And so we begin the great battle with students who cannot manage to utter a sentence without some profanity spewing out of their mouths.

Most of us will have dealt with inappropriate language on numerous occasions and sanctioned accordingly. However, it is important not just to discipline students but to help them realise why it’s unacceptable to use swear words as sentence adornments. This is particularly true in further education, where students need to understand that curbing the colourful language is even more important now they are entering adulthood: there will be times ahead when circumstances, settings and situations require careful control of what comes out of their mouths.

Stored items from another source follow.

Lemma constrained_path (R : realType) (N m : nat) (x d : 'rV[R]_N)
    (phi : 'I_m -> 'rV[R]_N -> R) (g : 'I_m -> 'rV[R]_N) (A : {set 'I_m})
    (W : 'M[R]_(m, N)) (eps : R) :
  0 < eps -> (forall i, i \in A -> strict_grad x (phi i) (g i)) ->
  constraint_mx g A W \in unitmx ->
  exists2 rho, 0 < rho & exists2 delta, 0 < delta & forall c, `|c - x| < rho ->
    exists2 gam : R -> 'rV[R]_N, gam 0 = c &
      (exists L, forall t t', `|gam t - gam t'| <= L * `|t - t'|) /\
      forall t, 0 <= t <= delta ->
        [/\ `|gam t - x| < eps, (forall i, i \in A -> phi i (gam t) = phi i c)
          & exists u, gam t = c + t *: d + u *m W].
Proof.
move=> eps_gt0 phi_grad J_unit.
have [KJ KJ_gt0 invJ_bound] := mulmx_norm_bound 1 (invmx (constraint_mx g A W)).
have [KW KW_gt0 W_bound] := mulmx_norm_bound 1 W.
pose e := (2 * KJ * KW)^-1; have e_gt0 : 0 < e by rewrite invr_gt0 !mulr_gt0.
have e_small : KJ * (e * KW) <= 2^-1.
  by have -> : KJ * (e * KW) = 2^-1 by rewrite /e; field; rewrite !gt_eqF.
have [r /andP[r_gt0 r_eps] phi_est] := strict_grad_uniform e_gt0 eps_gt0 phi_grad.
pose L := \sum_i norm1 (g i) + e.
have L_gt0 : 0 < L by rewrite ltr_wpDl // sumr_ge0 // => i _; exact: norm1_ge0.
have [beta beta_gt0 [delta delta_gt0 [KW_beta delta_d delta_small]]] :=
  ex_box_constants r_gt0 KW_gt0 KJ_gt0 L_gt0 (normr_ge0 d).
exists (r / 4); first by rewrite divr_gt0.
exists delta => // c cx.
have box_small : `|c - x| + delta * `|d| + KW * beta < r by rewrite KW_beta; lra.
have [gam gam0 [gam_lip gamP]] := chord_path J_unit invJ_bound W_bound KJ_gt0 (ltW KW_gt0)
  (ltW e_gt0) (ltW L_gt0) beta_gt0 delta_gt0 (fun i Ai y y' yx y'x => (phi_est i Ai y y' yx y'x).1)
  (fun i Ai y y' yx y'x => (phi_est i Ai y y' yx y'x).2) e_small box_small delta_small.
exists gam => //; split => // t t_itv; have [gam_near gam_const gam_repr] := gamP t t_itv.
by split => //; exact: lt_le_trans gam_near r_eps.
Qed.

Section ReducedGradients.
Variables (R : realFieldType) (n m : nat) (g : 'I_m -> 'rV[R]_n.+1) (A : {set 'I_m}).

Definition reduced_mx : 'M[R]_(m, n.+1) :=
  \matrix_(j, k) (if (j \in A) && (k != ord0) then g j ord0 k else 0).

Lemma mulmx_reduced_mx (h : 'rV[R]_m) k :
  (h *m reduced_mx) ord0 k = if k == ord0 then 0 else \sum_(i in A) h ord0 i * g i ord0 k.
Proof.
rewrite mxE; case: eqP => [->|/eqP k0].
  by rewrite big1 // => j _; rewrite mxE eqxx andbF mulr0.
rewrite [RHS]big_mkcond; apply: eq_bigr => j _.
by rewrite mxE k0 andbT; case: (j \in A); rewrite ?mulr0.
Qed.

Hypothesis reduced_free : forall z : 'I_m -> R,
  (forall k, k != ord0 -> \sum_(i in A) z i * g i ord0 k = 0) -> forall i, i \in A -> z i = 0.

Lemma unitmx_constraint_reduced : constraint_mx g A reduced_mx \in unitmx.
Proof.
rewrite -row_free_unit -kermx_eq0; apply/eqP/row_matrixP => i0; rewrite row0.
set h := row i0 _; have hJ : h *m constraint_mx g A reduced_mx = 0.
  by rewrite -row_mul mulmx_ker row0.
set v := h *m reduced_mx; have vE k := mulmx_reduced_mx h k; rewrite -/v in vE.
have hJi i : (if i \in A then dotv (g i) v else h ord0 i) = 0.
  by rewrite -mulmx_constraint_mx hJ mxE.
have vv : dotv v v = \sum_(i in A) h ord0 i * dotv (g i) v.
  rewrite /dotv; under [RHS]eq_bigr do rewrite mulr_sumr.
  rewrite exchange_big /=; apply: eq_bigr => k _; rewrite {1}vE.
  case: eqP => [->|_]; first by rewrite mul0r big1 // => i _; rewrite vE eqxx !mulr0.
  by rewrite mulr_suml; apply: eq_bigr => i _; rewrite mulrA.
have v0 : v = 0.
  apply: dotv_self_eq0; rewrite vv big1 // => i Ai.
  by have := hJi i; rewrite Ai => ->; rewrite mulr0.
apply/rowP => i; rewrite [RHS]mxE; have := hJi i; case: ifP => Ai // _.
apply: (reduced_free (z := fun i => h ord0 i)) => // k k0.
by have := vE k; rewrite v0 (negbTE k0) mxE => /esym.
Qed.

End ReducedGradients.

Lemma sign_holds_mul_gt0 (R : realType) s (a b : R) :
  0 < a * b -> sign_holds s a = sign_holds s b.
Proof.
move=> ab; have a0 : a != 0 by apply: contraTneq ab => ->; rewrite mul0r ltxx.
have b0 : b != 0 by apply: contraTneq ab => ->; rewrite mulr0 ltxx.
by case: s => /=; rewrite ?(negbTE a0) ?(negbTE b0) //; apply/idP/idP; nra.
Qed.

Lemma closure_near (R : realType) (V : normedModType R) (S : set V) x :
  closure S x -> forall e, 0 < e -> exists2 c, S c & `|c - x| < e.
Proof.
move=> Sx e e0; have [c [Sc xc]] := Sx _ (nbhsx_ballx x e e0).
by exists c => //; move: xc; rewrite -ball_normE /ball_ /= distrC.
Qed.

Lemma cev_realC (R : realType) N (x : 'rV[R]_N) (p : mpoly.mpoly N R) :
  cev (realC x) p = real_complex R (pev p x).
Proof.
rewrite /cev /pev /meval /mpoly.mmap rmorph_sum; apply: eq_bigr => mm _.
rewrite rmorphM /=; congr (_ * _); rewrite /mpoly.mmap1 rmorph_prod.
by apply: eq_bigr => i _; rewrite rmorphXn.
Qed.

Section SemialgebraicSet.
Variables (R : realType) (n m : nat) (f : 'I_m -> mpoly.mpoly n.+1 R).
Variable sigma : 'I_m -> sign_rel.
Local Notation F := (semialg_set f sigma).

Definition active_set (x : 'rV[R]_n.+1) : {set 'I_m} := [set i | pev (f i) x == 0].

Definition grads (x : 'rV[R]_n.+1) i := pgrad (f i) x.

Lemma Eset_sub_active x : closure F x -> Eset sigma \subset active_set x.
Proof.
move=> clFx; apply/fintype.subsetP => i; rewrite !inE; case sg : (sigma i) => // _.
apply/negPn/negP => fx0; have [r r0 sgn] := pev_sign_near fx0.
have [c Fc cx] := closure_near clFx r0; have := Fc i; rewrite sg /= => /eqP fc0.
by have := sgn c cx; rewrite /pev fc0 mul0r ltxx.
Qed.

(* The coefficients [z] are the multipliers [mu] of [W_S]; for [#|S| = 1] they say that the
   reduced gradient vanishes, and for [#|S| > n] no condition is needed. *)
Lemma piW_of_dependent (S : {set 'I_m}) x (z : 'I_m -> R) i0 :
  (forall i, i \in S -> pev (f i) x = 0) -> i0 \in S -> z i0 != 0 ->
  (forall k, k != ord0 -> \sum_(i in S) z i * pev (mpoly.mderiv k (f i)) x = 0) ->
  piW f S (realC x).
Proof.
move=> fS0 i0S zi0 zdep.
have cfS0 i : i \in S -> cev (realC x) (f i) = 0 by move=> iS; rewrite cev_realC fS0 ?rmorph0.
rewrite /piW; case: ifP => [/cards1P[a Sa] | S_ne1].
  move=> i; rewrite Sa inE => /eqP ->; have i0a : i0 = a by move: i0S; rewrite Sa inE => /eqP.
  split=> [|k k0]; first by apply: cfS0; rewrite Sa inE.
  have /eqP := zdep k k0; rewrite Sa big_set1 mulf_eq0 -i0a (negbTE zi0) /=.
  by rewrite cev_realC => /eqP ->; rewrite rmorph0.
case: ifP => [S_2n|S_n2]; last first.
  case: ifP => [_|S_le]; first exact: cfS0.
  have : (0 < #|S|)%N by apply/card_gt0P; exists i0.
  by move: S_ne1 S_n2 S_le; case: #|S| => [|[|k]] //= _ /negbT/negP kn /negbT; rewrite -leqNgt.
split=> //; exists (fun i => real_complex R (z i)); split.
  by exists i0 => //; rewrite fmorph_eq0.
move=> k k0; rewrite -[RHS](rmorph0 (real_complex R)) -(zdep k k0) rmorph_sum.
by apply: eq_bigr => i _; rewrite rmorphM cev_realC.
Qed.

Lemma near_semialg_set x : exists2 eps, 0 < eps & forall c y, F c ->
  `|c - x| < eps -> `|y - x| < eps ->
  (forall i, i \in active_set x -> pev (f i) y = pev (f i) c) -> F y.
Proof.
have [eps eps_gt0 inactive_sign] : exists2 eps, 0 < eps & forall i, i \notin active_set x ->
    forall y, `|y - x| < eps -> 0 < pev (f i) y * pev (f i) x.
  apply: ex_common_radius => [i r r' Pr r'0 r'r iA y yx|i].
    by apply: Pr => //; exact: lt_le_trans r'r.
  case: (boolP (i \in active_set x)) => iA; first by exists 1.
  have fx0 : pev (f i) x != 0 by rewrite inE in iA.
  by have [r r0 Pr] := pev_sign_near fx0; exists r => // _.
exists eps => // c y Fc cx yx active_eq i; change (sign_holds (sigma i) (pev (f i) y)).
case: (boolP (i \in active_set x)) => iA; first by rewrite active_eq //; exact: Fc.
rewrite (sign_holds_mul_gt0 _ (inactive_sign i iA _ yx)).
by rewrite -(sign_holds_mul_gt0 _ (inactive_sign i iA _ cx)); exact: Fc.
Qed.

Lemma component_escapes x0 x dir :
  closure (connected_component F x0) x ->
  constraint_mx (grads x) (active_set x) (reduced_mx (grads x) (active_set x))
    \in unitmx ->
  `|dir| = 1 ->
  exists2 y, connected_component F x0 y & 0 < dir * (y ord0 ord0 - x ord0 ord0).
Proof.
move=> clx J_unit dir1; set C := connected_component F x0.
have [eps eps_gt0 F_near] := near_semialg_set x.
pose e1 : 'rV[R]_n.+1 := \row_k (k == ord0)%:R.
have [rho rho_gt0 [delta delta_gt0 path]] := constrained_path (dir *: e1) eps_gt0
  (fun i _ => strict_grad_pev x (f i)) J_unit.
have min_gt0 : 0 < Num.min rho (Num.min delta eps) by rewrite !lt_min rho_gt0 delta_gt0.
have [c Cc] := closure_near clx min_gt0.
rewrite !lt_min => /andP[cx_rho /andP[cx_delta cx_eps]].
have [gam gam0 [[L gam_lip] gamP]] := path c cx_rho.
have gamF : gam @` `[0, delta]%classic `<=` F.
  move=> _ [t /= t_itv <-]; rewrite in_itv /= in t_itv.
  have [gam_eps gam_const _] := gamP t t_itv.
  exact: F_near (connected_component_sub Cc) cx_eps gam_eps gam_const.
have delta_itv : 0 <= delta <= delta by rewrite lexx ltW.
have C_gam : C (gam delta).
  apply: connected_component_trans Cc _; apply: (connected_component_max _ gamF).
  - by exists 0; rewrite ?gam0 //= in_itv /= lexx ltW.
  - apply: connected_continuous_connected; first exact: segment_connected.
    exact/continuous_subspaceT/(lipschitz_continuous gam_lip).
  - by exists delta; rewrite //= in_itv.
exists (gam delta) => //.
have [_ _ [u ->]] := gamP delta delta_itv.
rewrite mxE mulmx_reduced_mx eqxx addr0 !mxE eqxx mulr1.
have cx1 : `|c ord0 ord0 - x ord0 ord0| < delta.
  by apply: le_lt_trans cx_delta; have := ler_mxnorm_entry (c - x) ord0 ord0; rewrite !mxE.
have dir2 : dir * dir = 1 by rewrite -expr2 -real_normK ?num_real // dir1 expr1n.
have -> : dir * (c ord0 ord0 + delta * dir - x ord0 ord0) =
    dir * (c ord0 ord0 - x ord0 ord0) + delta * (dir * dir) by ring.
have := ler_norm (- (dir * (c ord0 ord0 - x ord0 ord0))).
by rewrite normrN normrM dir1 mul1r dir2; lra.
Qed.
End SemialgebraicSet.

Theorem mainTheorem8 (R : realType) (n m : nat)
  (f : 'I_m -> mpoly.mpoly n.+1 R) (sigma : 'I_m -> sign_rel)
  (C : set 'rV[R]_n.+1) :
  is_connected_component (semialg_set f sigma) C ->
  Zset C `<=` [set x | exists S : {set 'I_m},
                  [/\ Eset sigma \subset S, S != finset.set0 & piW f S (realC x)]].
Proof.
move=> [x0 _ ->] x Zx; apply: contrapT => xNW.
set A := active_set f x.
have clCx : closure (connected_component (semialg_set f sigma) x0) x.
  by case: Zx => -[_ []].
have EA : Eset sigma \subset A.
  apply: Eset_sub_active; apply: closure_subset clCx; exact: connected_component_sub.
have J_unit : constraint_mx (grads f x) A (reduced_mx (grads f x) A) \in unitmx.
  apply: unitmx_constraint_reduced => z zdep i0 i0A; apply: contrapT => /eqP zi0.
  apply: xNW; exists A; split => //; first by apply/set0Pn; exists i0.
  apply: (piW_of_dependent (z := z) _ i0A zi0) => [i|k k0]; first by rewrite inE => /eqP.
  by rewrite -[RHS](zdep k k0); apply: eq_bigr => i _; rewrite mxE.
case: Zx => [[lb [_ xinf]] | [ub [_ xsup]]].
  have [y Cy] := component_escapes (dir := -1) clCx J_unit (normrN1 _).
  by have := ge_inf lb (ex_intro2 _ _ y Cy erefl); rewrite -xinf /pi1; lra.
have [y Cy] := component_escapes (dir := 1) clCx J_unit (normr1 _).
by have := ub_le_sup ub (ex_intro2 _ _ y Cy erefl); rewrite -xsup /pi1; lra.
Qed.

Swearing doesn’t just affect students in the lowest sets, as some claim - all young people are capable of it. Some do it to get a reaction but many swear without thinking. The latter group can prove particularly troublesome: how do you stop someone from using bad language when they don’t even realise they’re doing it?

Often, to get to the swearing issue, you have to battle through emotional baggage from past educational experiences and issues at home. You are not just dealing with one problem; you may have a number of issues to unpick in tackling appropriate language.

Speak carefully

Although you may fully understand these challenges, they can be forgotten when you walk in to particularly difficult classes - the kind where getting students to focus for more than 10 minutes is tricky and asking them to put their phones away is like telling them to chop off their right hands. You are fighting on multiple fronts. So when you hear sentences like “I don’t want to do that shit”, it is easy to react instinctively.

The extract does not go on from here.